__YOUR OBJECTIVE__. For the entries below, the result should be an exact transcription of the lines from the one with "Section SubgroupOfTotallyBounded." up to and including the one with "exists U, OG", and only those.
== DATASET EXTRACT ==
Lemma inv_unit_nbhd_interior (U : G -> Prop) : O U -> U gone ->
  exists W z, O W /\ W gone /\ forall w, W w -> U (gmul (ginv w) z).
Proof.
  intros OU U1. destruct HP as [HT [_ HM]].
  destruct (unit_nbhd_mul O HT HM U OU U1) as [V [OV [V1 HV]]].
  destruct (TB V) as [F [_ F2]]. { exists V. auto. }
  destruct (nonempty_open_in_translate U V OV V1 HV (map ginv F) (fun _ => True))
    as [b [W [OW [[o Wo] HW]]]].
  { now apply open_full. }
  { now exists gone. }
  { intros x _. destruct (F2 (ginv x)) as [f [u [Hf [Vu E]]]].
    exists (ginv f), u. split; [now apply in_map|]. split; [auto|].
    rewrite <- (ginvK x), E. now gsimpl. }
  exists (fun w => W (gmul o w)), (gmul (ginv o) b).
  split; [now apply open_mul_l|]. split; [now rewrite gmulg1|].
  intros w Ww. destruct (HW _ Ww) as [u [Uu E]].
  replace (gmul (ginv w) (gmul (ginv o) b)) with (gmul (ginv (gmul o w)) b)
    by now gsimpl.
  rewrite E. now gsimpl.
Qed.

Lemma unit_nbhd_inv_mul (U : G -> Prop) : O U -> U gone ->
  exists W, O W /\ W gone /\
    forall x y, W x -> W y -> mul_inv_set U (gmul (ginv x) y).
Proof.
  intros OU U1. destruct (inv_unit_nbhd_interior U OU U1) as [W [z [OW [W1 HW]]]].
  exists W. repeat split; auto. intros x y Wx Wy.
  exists (gmul (ginv x) z), (gmul (ginv y) z). repeat split; auto. now gsimpl.
Qed.

Lemma unit_nbhd_mul_inv_mul (U : G -> Prop) : O U -> U gone ->
  exists V, O V /\ V gone /\
    forall x y, mul_inv_set V x -> mul_inv_set V y -> mul_inv_set U (gmul x y).
Proof.
  intros OU U1. destruct HP as [HT [_ HM]].
  destruct (unit_nbhd_mul O HT HM U OU U1) as [U' [OU' [U'1 HU']]].
  destruct (unit_nbhd_inv_mul U' OU' U'1) as [W [OW [W1 HW]]].
  exists (fun x => W x /\ U' x). split; [now apply open_inter|]. split; [auto|].
  intros x y [a [b [[Wa Ua] [[Wb Ub] ->]]]] [c [d [[Wc Uc] [[Wd Ud] ->]]]].
  destruct (HW b c Wb Wc) as [p [q [Up [Uq E]]]].
  exists (gmul a p), (gmul d q). split; [auto|]. split; [auto|].
  replace (gmul (gmul a (ginv b)) (gmul c (ginv d)))
    with (gmul a (gmul (gmul (ginv b) c) (ginv d))) by now gsimpl.
  rewrite E. now gsimpl.
Qed.

End TotallyBounded.

Section SubgroupOfTotallyBounded.
Context {H G : Grp} (OG : (G -> Prop) -> Prop) (f : H -> G).
Hypotheses (HP : paratopological OG) (TB : totally_bounded OG) (Hf : is_hom f).

(* Trace on [H] of the group topology of [G] with unit base [U U^-1]. *)
Definition mul_inv_nbhd (N : H -> Prop) : Prop :=
  exists U, OG U /\ U gone /\ forall x, mul_inv_set U (f x) -> N x.

Lemma mul_inv_nbhd_of U : OG U -> U gone -> mul_inv_nbhd (fun x => mul_inv_set U (f x)).
Proof. intros OU U1. now exists U. Qed.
===
__RESPONSE__.
Section SubgroupOfTotallyBounded.
Context {H G : Grp} (OG : (G -> Prop) -> Prop) (f : H -> G).
Hypotheses (HP : paratopological OG) (TB : totally_bounded OG) (Hf : is_hom f).

(* Trace on [H] of the group topology of [G] with unit base [U U^-1]. *)
Definition mul_inv_nbhd (N : H -> Prop) : Prop :=
  exists U, OG U /\ U gone /\ forall x, mul_inv_set U (f x) -> N x.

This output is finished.